INSTRUCTIONS TO FOLLOW -
From the line that contains "ord_max == i)%:R)." through the line that contains "Definition opt_SUM (R", output every line of the listing below exactly and leave out all the rest.

DATA FOR ANALYSIS -
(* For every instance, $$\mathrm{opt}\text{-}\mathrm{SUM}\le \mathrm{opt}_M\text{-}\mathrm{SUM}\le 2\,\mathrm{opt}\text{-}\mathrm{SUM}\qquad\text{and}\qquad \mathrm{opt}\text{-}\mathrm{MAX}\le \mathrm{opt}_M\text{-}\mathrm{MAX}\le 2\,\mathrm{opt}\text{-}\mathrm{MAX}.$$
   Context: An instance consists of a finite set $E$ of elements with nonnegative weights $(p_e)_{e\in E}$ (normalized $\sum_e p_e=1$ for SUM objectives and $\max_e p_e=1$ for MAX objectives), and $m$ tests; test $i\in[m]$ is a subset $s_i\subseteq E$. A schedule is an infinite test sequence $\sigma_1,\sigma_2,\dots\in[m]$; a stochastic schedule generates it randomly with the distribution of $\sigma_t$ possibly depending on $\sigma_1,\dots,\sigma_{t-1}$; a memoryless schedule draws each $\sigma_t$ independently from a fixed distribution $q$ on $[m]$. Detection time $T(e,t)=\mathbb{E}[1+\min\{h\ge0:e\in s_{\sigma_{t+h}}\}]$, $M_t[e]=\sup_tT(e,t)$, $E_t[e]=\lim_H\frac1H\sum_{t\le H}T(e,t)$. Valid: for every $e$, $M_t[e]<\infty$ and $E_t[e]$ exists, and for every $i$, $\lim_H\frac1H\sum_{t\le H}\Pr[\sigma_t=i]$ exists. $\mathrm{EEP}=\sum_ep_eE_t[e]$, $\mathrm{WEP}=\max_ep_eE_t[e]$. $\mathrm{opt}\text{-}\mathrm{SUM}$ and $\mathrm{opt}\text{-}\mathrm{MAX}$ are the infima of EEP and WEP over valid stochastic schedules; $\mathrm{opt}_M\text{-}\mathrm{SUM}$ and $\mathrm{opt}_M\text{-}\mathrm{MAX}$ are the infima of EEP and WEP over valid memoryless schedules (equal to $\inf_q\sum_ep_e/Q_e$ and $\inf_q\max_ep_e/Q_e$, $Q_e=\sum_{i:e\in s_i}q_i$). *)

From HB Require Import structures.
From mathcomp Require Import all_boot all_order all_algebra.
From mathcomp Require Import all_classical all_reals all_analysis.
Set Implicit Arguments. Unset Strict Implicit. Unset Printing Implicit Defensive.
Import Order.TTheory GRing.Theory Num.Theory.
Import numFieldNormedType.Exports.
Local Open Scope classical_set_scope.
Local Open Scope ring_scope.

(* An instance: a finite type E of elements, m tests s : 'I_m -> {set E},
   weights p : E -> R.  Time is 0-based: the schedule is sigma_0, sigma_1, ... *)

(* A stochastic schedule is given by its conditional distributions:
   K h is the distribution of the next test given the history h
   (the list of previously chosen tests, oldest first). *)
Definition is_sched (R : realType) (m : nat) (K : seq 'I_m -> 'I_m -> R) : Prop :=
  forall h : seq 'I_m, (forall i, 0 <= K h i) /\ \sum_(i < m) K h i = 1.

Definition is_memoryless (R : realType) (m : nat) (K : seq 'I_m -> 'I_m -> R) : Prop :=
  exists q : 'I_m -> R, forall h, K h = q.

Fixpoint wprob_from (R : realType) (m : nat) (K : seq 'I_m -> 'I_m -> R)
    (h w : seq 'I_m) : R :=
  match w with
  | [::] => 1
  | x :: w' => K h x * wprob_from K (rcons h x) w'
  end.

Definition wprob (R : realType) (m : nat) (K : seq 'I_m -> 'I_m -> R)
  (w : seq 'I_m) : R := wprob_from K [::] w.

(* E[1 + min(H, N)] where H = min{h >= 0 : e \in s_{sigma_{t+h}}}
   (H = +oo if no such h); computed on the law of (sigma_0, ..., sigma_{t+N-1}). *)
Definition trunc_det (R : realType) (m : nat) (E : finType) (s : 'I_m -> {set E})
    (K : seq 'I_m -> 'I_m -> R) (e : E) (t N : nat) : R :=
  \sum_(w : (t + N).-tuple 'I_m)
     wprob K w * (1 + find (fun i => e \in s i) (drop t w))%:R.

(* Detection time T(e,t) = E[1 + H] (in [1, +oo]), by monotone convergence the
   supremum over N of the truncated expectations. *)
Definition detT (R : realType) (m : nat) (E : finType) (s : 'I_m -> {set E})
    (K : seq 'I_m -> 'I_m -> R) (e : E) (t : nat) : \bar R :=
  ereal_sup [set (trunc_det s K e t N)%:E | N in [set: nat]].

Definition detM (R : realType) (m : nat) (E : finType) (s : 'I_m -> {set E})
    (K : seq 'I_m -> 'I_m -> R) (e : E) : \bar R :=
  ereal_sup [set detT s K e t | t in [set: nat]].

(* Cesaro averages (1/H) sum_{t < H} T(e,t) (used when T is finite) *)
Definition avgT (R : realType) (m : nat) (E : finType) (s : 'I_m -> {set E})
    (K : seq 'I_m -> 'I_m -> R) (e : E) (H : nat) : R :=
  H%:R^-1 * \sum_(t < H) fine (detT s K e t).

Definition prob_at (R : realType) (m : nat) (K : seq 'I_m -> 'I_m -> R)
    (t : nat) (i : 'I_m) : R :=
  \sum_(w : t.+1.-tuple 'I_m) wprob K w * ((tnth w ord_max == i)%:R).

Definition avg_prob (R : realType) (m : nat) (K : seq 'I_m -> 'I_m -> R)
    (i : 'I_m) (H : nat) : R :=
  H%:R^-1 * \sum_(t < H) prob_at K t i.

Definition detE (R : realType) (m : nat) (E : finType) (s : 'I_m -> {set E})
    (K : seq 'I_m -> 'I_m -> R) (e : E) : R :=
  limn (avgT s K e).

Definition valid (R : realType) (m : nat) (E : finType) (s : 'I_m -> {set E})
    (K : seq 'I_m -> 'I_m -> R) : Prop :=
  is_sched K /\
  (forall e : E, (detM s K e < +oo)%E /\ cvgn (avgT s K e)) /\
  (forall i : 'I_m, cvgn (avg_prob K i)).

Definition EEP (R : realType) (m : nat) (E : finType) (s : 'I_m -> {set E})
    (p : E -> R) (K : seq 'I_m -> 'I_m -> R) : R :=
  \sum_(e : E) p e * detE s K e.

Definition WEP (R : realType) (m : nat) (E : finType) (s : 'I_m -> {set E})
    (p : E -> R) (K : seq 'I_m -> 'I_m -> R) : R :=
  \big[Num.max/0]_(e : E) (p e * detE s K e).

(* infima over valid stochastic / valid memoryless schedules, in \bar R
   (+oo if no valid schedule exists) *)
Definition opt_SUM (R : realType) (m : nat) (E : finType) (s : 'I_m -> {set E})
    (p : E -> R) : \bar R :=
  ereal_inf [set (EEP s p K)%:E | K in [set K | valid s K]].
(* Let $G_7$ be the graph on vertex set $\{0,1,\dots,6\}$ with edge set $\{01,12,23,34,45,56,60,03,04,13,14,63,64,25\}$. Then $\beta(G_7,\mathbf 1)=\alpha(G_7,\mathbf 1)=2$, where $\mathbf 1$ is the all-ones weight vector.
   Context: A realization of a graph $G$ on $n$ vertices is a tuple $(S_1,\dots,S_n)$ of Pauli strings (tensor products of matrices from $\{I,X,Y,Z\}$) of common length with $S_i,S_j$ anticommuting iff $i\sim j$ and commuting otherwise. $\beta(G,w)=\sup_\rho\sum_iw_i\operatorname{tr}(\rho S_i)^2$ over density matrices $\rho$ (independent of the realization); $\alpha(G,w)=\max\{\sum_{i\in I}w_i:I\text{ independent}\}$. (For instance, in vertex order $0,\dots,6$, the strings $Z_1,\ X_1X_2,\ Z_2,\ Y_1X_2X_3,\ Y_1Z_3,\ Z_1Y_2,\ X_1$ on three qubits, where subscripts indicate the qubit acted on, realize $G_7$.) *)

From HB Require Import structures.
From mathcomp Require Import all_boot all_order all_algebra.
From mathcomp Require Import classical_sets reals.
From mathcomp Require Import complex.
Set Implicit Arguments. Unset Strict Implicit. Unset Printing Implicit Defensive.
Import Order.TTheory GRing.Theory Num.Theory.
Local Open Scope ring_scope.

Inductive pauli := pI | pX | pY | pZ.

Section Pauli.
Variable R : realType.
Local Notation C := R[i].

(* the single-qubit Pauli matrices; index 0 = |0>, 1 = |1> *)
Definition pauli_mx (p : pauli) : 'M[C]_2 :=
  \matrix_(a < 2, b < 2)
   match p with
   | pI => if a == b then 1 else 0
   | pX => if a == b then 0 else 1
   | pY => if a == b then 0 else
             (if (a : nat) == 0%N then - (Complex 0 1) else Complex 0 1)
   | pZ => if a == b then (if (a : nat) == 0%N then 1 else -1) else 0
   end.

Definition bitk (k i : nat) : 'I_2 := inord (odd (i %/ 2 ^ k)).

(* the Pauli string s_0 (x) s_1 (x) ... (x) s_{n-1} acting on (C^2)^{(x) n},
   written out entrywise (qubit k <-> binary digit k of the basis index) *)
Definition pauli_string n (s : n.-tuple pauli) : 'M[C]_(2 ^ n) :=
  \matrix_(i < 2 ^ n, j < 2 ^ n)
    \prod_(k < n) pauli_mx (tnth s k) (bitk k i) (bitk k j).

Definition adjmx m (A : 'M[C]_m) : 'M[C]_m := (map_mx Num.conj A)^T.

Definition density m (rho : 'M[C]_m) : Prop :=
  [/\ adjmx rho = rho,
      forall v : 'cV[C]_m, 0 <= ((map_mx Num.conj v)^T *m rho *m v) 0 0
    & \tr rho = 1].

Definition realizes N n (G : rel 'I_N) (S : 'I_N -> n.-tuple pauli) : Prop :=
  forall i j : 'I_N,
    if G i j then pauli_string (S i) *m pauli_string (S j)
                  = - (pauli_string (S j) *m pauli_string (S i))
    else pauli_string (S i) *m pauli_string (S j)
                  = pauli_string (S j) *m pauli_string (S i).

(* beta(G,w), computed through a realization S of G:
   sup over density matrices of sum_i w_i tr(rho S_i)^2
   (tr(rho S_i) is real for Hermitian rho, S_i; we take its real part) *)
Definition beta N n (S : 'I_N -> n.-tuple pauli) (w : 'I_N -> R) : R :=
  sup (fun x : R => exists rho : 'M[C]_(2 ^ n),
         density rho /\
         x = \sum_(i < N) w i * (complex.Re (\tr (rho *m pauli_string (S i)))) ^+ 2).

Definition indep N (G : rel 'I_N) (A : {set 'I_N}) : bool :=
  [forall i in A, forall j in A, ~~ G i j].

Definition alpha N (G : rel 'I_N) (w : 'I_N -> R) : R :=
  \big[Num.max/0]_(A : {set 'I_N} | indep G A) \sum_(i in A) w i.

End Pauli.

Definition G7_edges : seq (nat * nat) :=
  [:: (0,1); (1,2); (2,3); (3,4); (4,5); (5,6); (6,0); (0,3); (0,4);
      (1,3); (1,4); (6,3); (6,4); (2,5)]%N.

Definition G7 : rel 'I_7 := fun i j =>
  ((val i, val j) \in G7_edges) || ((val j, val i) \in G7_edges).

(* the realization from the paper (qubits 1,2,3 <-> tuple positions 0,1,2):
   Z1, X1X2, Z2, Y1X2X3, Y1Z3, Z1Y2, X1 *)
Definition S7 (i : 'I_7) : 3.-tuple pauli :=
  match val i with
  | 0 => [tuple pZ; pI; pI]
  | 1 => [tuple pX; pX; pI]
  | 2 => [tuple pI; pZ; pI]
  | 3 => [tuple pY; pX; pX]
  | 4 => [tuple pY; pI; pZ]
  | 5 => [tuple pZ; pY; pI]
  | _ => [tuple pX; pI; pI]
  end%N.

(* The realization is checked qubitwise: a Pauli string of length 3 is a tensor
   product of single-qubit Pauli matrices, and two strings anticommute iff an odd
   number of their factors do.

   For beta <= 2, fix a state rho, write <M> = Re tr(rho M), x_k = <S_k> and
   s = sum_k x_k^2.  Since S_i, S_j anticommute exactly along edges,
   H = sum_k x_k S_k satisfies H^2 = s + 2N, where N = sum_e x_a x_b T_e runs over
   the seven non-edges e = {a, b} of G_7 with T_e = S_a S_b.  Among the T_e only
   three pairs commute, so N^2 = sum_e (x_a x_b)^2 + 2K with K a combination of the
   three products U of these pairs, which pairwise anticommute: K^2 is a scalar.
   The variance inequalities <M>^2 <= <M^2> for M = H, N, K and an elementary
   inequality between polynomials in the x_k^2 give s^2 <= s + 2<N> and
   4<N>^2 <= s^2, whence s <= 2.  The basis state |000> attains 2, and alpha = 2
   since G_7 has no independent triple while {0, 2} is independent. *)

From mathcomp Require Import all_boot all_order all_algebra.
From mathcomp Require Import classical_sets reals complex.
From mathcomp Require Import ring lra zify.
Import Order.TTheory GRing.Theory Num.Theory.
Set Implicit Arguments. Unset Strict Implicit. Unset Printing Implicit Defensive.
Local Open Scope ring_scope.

==

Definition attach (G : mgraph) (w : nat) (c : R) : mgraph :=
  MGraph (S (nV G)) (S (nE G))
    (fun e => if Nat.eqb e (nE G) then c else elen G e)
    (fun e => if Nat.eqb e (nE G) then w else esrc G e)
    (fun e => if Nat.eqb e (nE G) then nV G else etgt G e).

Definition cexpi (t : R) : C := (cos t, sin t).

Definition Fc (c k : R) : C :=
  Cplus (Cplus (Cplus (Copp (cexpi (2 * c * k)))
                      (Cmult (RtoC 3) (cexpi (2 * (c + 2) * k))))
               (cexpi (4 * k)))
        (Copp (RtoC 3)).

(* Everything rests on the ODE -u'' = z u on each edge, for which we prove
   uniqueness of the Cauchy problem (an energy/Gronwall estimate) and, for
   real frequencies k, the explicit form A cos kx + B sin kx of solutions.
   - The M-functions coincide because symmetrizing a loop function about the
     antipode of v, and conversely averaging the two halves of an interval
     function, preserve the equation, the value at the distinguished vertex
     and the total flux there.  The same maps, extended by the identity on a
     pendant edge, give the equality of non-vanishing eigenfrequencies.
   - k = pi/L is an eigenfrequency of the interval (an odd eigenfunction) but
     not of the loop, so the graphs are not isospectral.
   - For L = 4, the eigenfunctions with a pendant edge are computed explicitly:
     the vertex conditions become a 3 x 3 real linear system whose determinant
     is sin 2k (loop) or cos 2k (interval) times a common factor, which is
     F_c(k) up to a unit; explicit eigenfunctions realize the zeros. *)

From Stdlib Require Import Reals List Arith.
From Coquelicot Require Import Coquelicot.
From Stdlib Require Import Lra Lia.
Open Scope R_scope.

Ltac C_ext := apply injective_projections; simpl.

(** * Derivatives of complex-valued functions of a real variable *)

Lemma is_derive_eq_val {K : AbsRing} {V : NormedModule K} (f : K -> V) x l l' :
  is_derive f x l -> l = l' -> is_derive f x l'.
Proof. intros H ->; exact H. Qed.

RESPONSE AREA -
  \sum_(w : t.+1.-tuple 'I_m) wprob K w * ((tnth w ord_max == i)%:R).

Definition avg_prob (R : realType) (m : nat) (K : seq 'I_m -> 'I_m -> R)
    (i : 'I_m) (H : nat) : R :=
  H%:R^-1 * \sum_(t < H) prob_at K t i.

Definition detE (R : realType) (m : nat) (E : finType) (s : 'I_m -> {set E})
    (K : seq 'I_m -> 'I_m -> R) (e : E) : R :=
  limn (avgT s K e).

Definition valid (R : realType) (m : nat) (E : finType) (s : 'I_m -> {set E})
    (K : seq 'I_m -> 'I_m -> R) : Prop :=
  is_sched K /\
  (forall e : E, (detM s K e < +oo)%E /\ cvgn (avgT s K e)) /\
  (forall i : 'I_m, cvgn (avg_prob K i)).

Definition EEP (R : realType) (m : nat) (E : finType) (s : 'I_m -> {set E})
    (p : E -> R) (K : seq 'I_m -> 'I_m -> R) : R :=
  \sum_(e : E) p e * detE s K e.

Definition WEP (R : realType) (m : nat) (E : finType) (s : 'I_m -> {set E})
    (p : E -> R) (K : seq 'I_m -> 'I_m -> R) : R :=
  \big[Num.max/0]_(e : E) (p e * detE s K e).

(* infima over valid stochastic / valid memoryless schedules, in \bar R
   (+oo if no valid schedule exists) *)
Definition opt_SUM (R : realType) (m : nat) (E : finType) (s : 'I_m -> {set E})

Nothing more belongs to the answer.